President Polk used the word "her" a surprising number of times. So we decided to close read Polk's address to find out how he was using the word "her."

In [None]:
text = open("../../texts/history/US_Inaugural_Addresses/15_polk_1845.txt").read()
print(text)

It turns out that Polk used "her" numerous times in reference to the state of Texas:
> None can fail to see the danger to our safety and future peace if Texas remains an independent state or becomes an ally or dependency of some foreign nation more powerful than **herself**...Is there one who would not prefer free intercourse with **her** to high duties on all our products and manufactures which enter her ports or cross her frontiers?
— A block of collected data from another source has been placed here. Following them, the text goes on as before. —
Lemma meas_ext A B : (forall w, A w <-> B w) -> meas Sp A -> meas Sp B.
Proof.
  intros HAB HA.
  replace B with A; [exact HA|].
  apply functional_extensionality; intro w. apply propositional_extensionality, HAB.
Qed.

Lemma meas_False : meas Sp (fun _ => False).
Proof. apply (meas_ext (fun w => ~ True)); [tauto|]. apply meas_compl, meas_full. Qed.

Lemma meas_or A B : meas Sp A -> meas Sp B -> meas Sp (fun w => A w \/ B w).
Proof.
  intros HA HB.
  apply (meas_ext (fun w => exists n : nat, (if Nat.eqb n 0 then A else B) w)).
  - intro w; split.
    + intros [[|n] H]; auto.
    + intros [H|H]; [exists 0%nat | exists 1%nat]; auto.
  - apply meas_union; intros [|n]; auto.
Qed.

Lemma meas_and A B : meas Sp A -> meas Sp B -> meas Sp (fun w => A w /\ B w).
Proof.
  intros HA HB.
  apply (meas_ext (fun w => ~ (~ A w \/ ~ B w))).
  - intro w; split; [intro H; split; apply NNPP; tauto | tauto].
  - apply meas_compl, meas_or; apply meas_compl; assumption.
Qed.

Lemma P_False : P Sp (fun _ => False) = 0.
Proof.
  assert (Hsum : infinite_sum (fun _ => P Sp (fun _ => False)) (P Sp (fun _ => False))).
  { pose proof (P_sigma_add Sp (fun _ _ => False) (fun _ => meas_False)) as H.
    cbv beta in H.
    rewrite (P_ext Sp (fun w => exists n : nat, False) (fun _ => False)) in H by firstorder.
    apply H; tauto. }
  set (p := P Sp (fun _ => False)) in *.
  destruct (Rle_lt_or_eq_dec 0 p) as [Hp|Hp]; [apply P_nonneg, meas_False | | auto].
  (* the partial sums [(n + 1) p] cannot converge to [p > 0] *)
  destruct (Hsum p Hp) as [N HN].
  specialize (HN (S N) (Nat.le_succ_diag_r N)).
  rewrite sum_cte in HN. unfold Rdist in HN.
  rewrite !S_INR in HN. pose proof (pos_INR N).
  rewrite Rabs_right in HN by nra. nra.
Qed.

Lemma P_or_disjoint A B :
  meas Sp A -> meas Sp B -> (forall w, A w -> B w -> False) ->
  P Sp (fun w => A w \/ B w) = P Sp A + P Sp B.
Proof.
  intros HA HB Hdisj.
  set (E := fun n : nat => match n with 0 => A | 1 => B | _ => fun _ => False end).
  assert (HE : forall n, meas Sp (E n)) by (intros [|[|n]]; auto using meas_False).
  pose proof (P_sigma_add Sp E HE) as Hsum.
  rewrite (P_ext Sp _ (fun w => A w \/ B w)) in Hsum.
  2:{ intro w; split.
      - intros [[|[|n]] Hn]; simpl in Hn; tauto.
      - intros [Hw|Hw]; [exists 0%nat | exists 1%nat]; exact Hw. }
  apply (uniqueness_sum (fun n => P Sp (E n))).
  - apply Hsum. intros [|[|m]] [|[|n]] w Hmn; simpl; try tauto; eauto.
  - apply (infinite_sum_stationary _ 1).
    intros n Hn. induction n as [|n IH]; [lia|].
    destruct n as [|n]; [reflexivity|].
    simpl sum_f_R0 in *. rewrite IH by lia. simpl. rewrite P_False. ring.
Qed.

Lemma P_not A : meas Sp A -> P Sp (fun w => ~ A w) = 1 - P Sp A.
Proof.
  intro HA.
  rewrite <- (P_full Sp), (P_ext Sp (fun _ => True) (fun w => A w \/ ~ A w))
    by (intro w; pose proof (classic (A w)); tauto).
  rewrite P_or_disjoint by (auto using meas_compl). ring.
Qed.

Lemma P_mono A B : meas Sp A -> meas Sp B -> (forall w, A w -> B w) -> P Sp A <= P Sp B.
Proof.
  intros HA HB HAB.
  assert (HBA : meas Sp (fun w => B w /\ ~ A w)) by (auto using meas_and, meas_compl).
  rewrite (P_ext Sp B (fun w => A w \/ (B w /\ ~ A w)))
    by (intro w; pose proof (classic (A w)); firstorder).
  rewrite P_or_disjoint by (auto; tauto).
  pose proof (P_nonneg Sp _ HBA). lra.
Qed.

Lemma P_le_1 A : meas Sp A -> P Sp A <= 1.
Proof. intro HA. rewrite <- (P_full Sp). apply P_mono; auto using meas_full. Qed.

Lemma indicator_le_iff A (dec : forall w, {A w} + {~ A w}) x w :
  indicator Sp A dec w <= x <-> (A w /\ 1 <= x) \/ (~ A w /\ 0 <= x).
Proof. unfold indicator. destruct (dec w); intuition lra. Qed.

Lemma indep_indicator_iff A (dec : forall w, {A w} + {~ A w}) (X : Omega Sp -> R) :
  indep Sp (indicator Sp A dec) X <->
  forall y, P Sp (fun w => ~ A w /\ X w <= y) =
            P Sp (fun w => ~ A w) * P Sp (fun w => X w <= y).
Proof.
  unfold indep. split.
  - intros Hind y. specialize (Hind 0 y).
    rewrite !(P_ext Sp (fun w => indicator Sp A dec w <= 0) (fun w => ~ A w)) in Hind
      by (intro w; rewrite indicator_le_iff; intuition lra).
    rewrite <- Hind. apply P_ext; intro w. rewrite indicator_le_iff; intuition lra.
  - intros Hnot x y.
    destruct (Rlt_dec x 0) as [Hx|Hx]; [|destruct (Rlt_dec x 1) as [Hx1|Hx1]].
    + rewrite (P_ext Sp _ (fun _ => False)),
        (P_ext Sp (fun w => indicator Sp A dec w <= x) (fun _ => False)), P_False
        by (intro w; rewrite indicator_le_iff; intuition lra).
      ring.
    + rewrite (P_ext Sp _ (fun w => ~ A w /\ X w <= y)),
        (P_ext Sp (fun w => indicator Sp A dec w <= x) (fun w => ~ A w))
        by (intro w; rewrite indicator_le_iff; intuition lra).
      apply Hnot.
    + rewrite (P_ext Sp _ (fun w => X w <= y)),
        (P_ext Sp (fun w => indicator Sp A dec w <= x) (fun _ => True)), P_full
        by (intro w; rewrite indicator_le_iff; pose proof (classic (A w)); intuition lra).
      ring.
Qed.

End ProbabilitySpace.

Lemma continuity_pt_ball (f : R -> R) (x0 e : R) :
  continuity_pt f x0 -> 0 < e ->
  exists del, 0 < del /\ forall x, Rabs (x - x0) < del -> Rabs (f x - f x0) < e.
Proof.
  intros Hf He. destruct (Hf e He) as [del [Hdel Hball]].
  exists del; split; [exact Hdel|]. intros x Hx.
  destruct (Req_dec x x0) as [->|Hne].
  - rewrite Rminus_diag, Rabs_R0. exact He.
  - apply (Hball x). split; [split; [exact I | auto] | exact Hx].
Qed.

Section RandomVariable.

Variable Sp : prob_space.
Variable Y : Omega Sp -> R.
Hypothesis hY : random_variable Sp Y.

Lemma meas_lt x : meas Sp (fun w => Y w < x).
Proof.
  apply (meas_ext Sp (fun w => exists n : nat, Y w <= x - / INR (S n))).
  - intro w; split.
    + intros [n Hn]. pose proof (Rinv_0_lt_compat _ (lt_0_INR (S n) (Nat.lt_0_succ n))). lra.
    + intro Hw. destruct (archimed_cor1 (x - Y w)) as [N [HN HN0]]; [lra|].
      exists (pred N). rewrite Nat.succ_pred_pos by exact HN0. lra.
  - apply meas_union; intro n; apply hY.
Qed.

Lemma meas_ge x : meas Sp (fun w => x <= Y w).
Proof. apply (meas_ext Sp (fun w => ~ Y w < x)); [intro; lra | apply meas_compl, meas_lt]. Qed.

Lemma meas_gt x : meas Sp (fun w => x < Y w).
Proof. apply (meas_ext Sp (fun w => ~ Y w <= x)); [intro; lra | apply meas_compl, hY]. Qed.

Lemma P_gt x : P Sp (fun w => x < Y w) = 1 - cdf Sp Y x.
Proof. unfold cdf. rewrite <- P_not by apply hY. apply P_ext; intro; lra. Qed.

Lemma P_in_Ioc a b : a <= b -> P Sp (fun w => a < Y w /\ Y w <= b) = cdf Sp Y b - cdf Sp Y a.
Proof.
  intro Hab. unfold cdf.
  rewrite (P_ext Sp (fun w => Y w <= b) (fun w => Y w <= a \/ (a < Y w /\ Y w <= b)))
    by (intro; lra).
  rewrite P_or_disjoint; [ring | apply hY | | intros; lra].
  apply meas_and; [apply meas_gt | apply hY].
Qed.

Hypothesis hcont : forall x, continuity_pt (cdf Sp Y) x.

Lemma P_eq x : P Sp (fun w => Y w = x) = 0.
Proof.
  assert (Hx : meas Sp (fun w => Y w = x)).
  { apply (meas_ext Sp (fun w => Y w <= x /\ x <= Y w)); [intro; lra|].
    apply meas_and; [apply hY | apply meas_ge]. }
  apply Rle_antisym; [| apply P_nonneg, Hx].
  apply Rnot_lt_le; intro Hp.
  destruct (continuity_pt_ball _ _ _ (hcont x) Hp) as [del [Hdel Hball]].
  (* an atom at [x] lies in [(x - del/2, x]], whose mass continuity makes smaller *)
  assert (Hatom : P Sp (fun w => Y w = x) <= P Sp (fun w => x - del / 2 < Y w /\ Y w <= x)).
  { apply P_mono; [exact Hx | apply meas_and; [apply meas_gt | apply hY] | intros w ->; lra]. }
  rewrite P_in_Ioc in Hatom by lra.
  specialize (Hball (x - del / 2)). rewrite !Rabs_left in Hball by lra. lra.
Qed.

Lemma P_lt x : P Sp (fun w => Y w < x) = cdf Sp Y x.
Proof.
  unfold cdf.
  rewrite (P_ext Sp (fun w => Y w <= x) (fun w => Y w < x \/ Y w = x)) by (intro; lra).
  rewrite P_or_disjoint, P_eq; [ring | apply meas_lt | | intros; lra].
  apply (meas_ext Sp (fun w => Y w <= x /\ x <= Y w)); [intro; lra|].
  apply meas_and; [apply hY | apply meas_ge].
Qed.

Lemma P_ge x : P Sp (fun w => x <= Y w) = 1 - cdf Sp Y x.
Proof. rewrite <- P_lt, <- P_not by apply meas_lt. apply P_ext; intro; lra. Qed.

Lemma P_in_Icc a b : a <= b -> P Sp (fun w => a <= Y w /\ Y w <= b) = cdf Sp Y b - cdf Sp Y a.
Proof.
  intro Hab. rewrite <- (P_lt a). unfold cdf.
  rewrite (P_ext Sp (fun w => Y w <= b) (fun w => Y w < a \/ (a <= Y w /\ Y w <= b)))
    by (intro; lra).
  rewrite P_or_disjoint; [ring | apply meas_lt | | intros; lra].
  apply meas_and; [apply meas_ge | apply hY].
Qed.

End RandomVariable.

Lemma INR_floor x : 0 <= x -> exists m : nat, INR m <= x < INR m + 1.
Proof.
  intro Hx. destruct (base_Int_part x) as [Hlo Hhi].
  assert (Hz : (-1 < Int_part x)%Z) by (apply lt_IZR; lra).
  exists (Z.to_nat (Int_part x)). rewrite INR_IZR_INZ, Z2Nat.id by lia. lra.
Qed.

Lemma Rabs_mult_INR_bounded e k : (forall n, Rabs e * INR (S n) <= k) -> e = 0.
Proof.
  intro Hk. destruct (Req_dec e 0) as [|He]; [assumption | exfalso].
  pose proof (Rabs_pos_lt e He) as Hpos. set (a := Rabs e) in *.
  specialize (Hk 0%nat) as Hk0. simpl in Hk0.
  destruct (archimed_cor1 (a / (k + 1))) as [N [HN HN0]]; [apply Rdiv_lt_0_compat; lra|].
  specialize (Hk (pred N)). rewrite Nat.succ_pred_pos in Hk by exact HN0.
  assert (HNpos : 0 < INR N) by (apply lt_0_INR; exact HN0).
  apply (Rmult_lt_compat_r (INR N * (k + 1))) in HN; [|nra].
  replace (/ INR N * (INR N * (k + 1))) with (k + 1) in HN by (field; lra).
  replace (a / (k + 1) * (INR N * (k + 1))) with (a * INR N) in HN by (field; lra).
  lra.
Qed.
Is there one who would not prefer an unrestricted communication with **her** citizens to the frontier obstructions which must occur if she remains out of the Union?

## Create Line Plot

Here we make a line plot of gendered language in each of the Inaugural Addresses.

In [None]:
# Make a line plot
ax = word_count_df.plot(y=['women', 'men'],
                    kind='line',
                    linewidth =5,
                    figsize=(15,10))

# Label the axes and create a title
plt.xlabel('U.S. Inaugural Addresses', fontsize = 15)
plt.ylabel('Mentions of Word', fontsize = 15)
plt.title('Gendered Language in Presidential Inaugural Addresses',
          fontsize = 25)

#plt.tight_layout()
#ax.figure.savefig('Gender-Inaugural-Addresses.png')

In [None]:
# Make a line plot
ax = word_count_df.plot(y=['her', 'his'],
                    kind='line',
                    linewidth =5,
                    figsize=(15,10))

# Label the axes and create a title
plt.xlabel('U.S. Inaugural Addresses', fontsize = 15)
plt.ylabel('Mentions of Word', fontsize = 15)
plt.title('Gendered Language in Presidential Inaugural Addresses',
          fontsize = 25)

#plt.tight_layout()
#ax.figure.savefig('America-Inaugural-Addresses-Updated.png')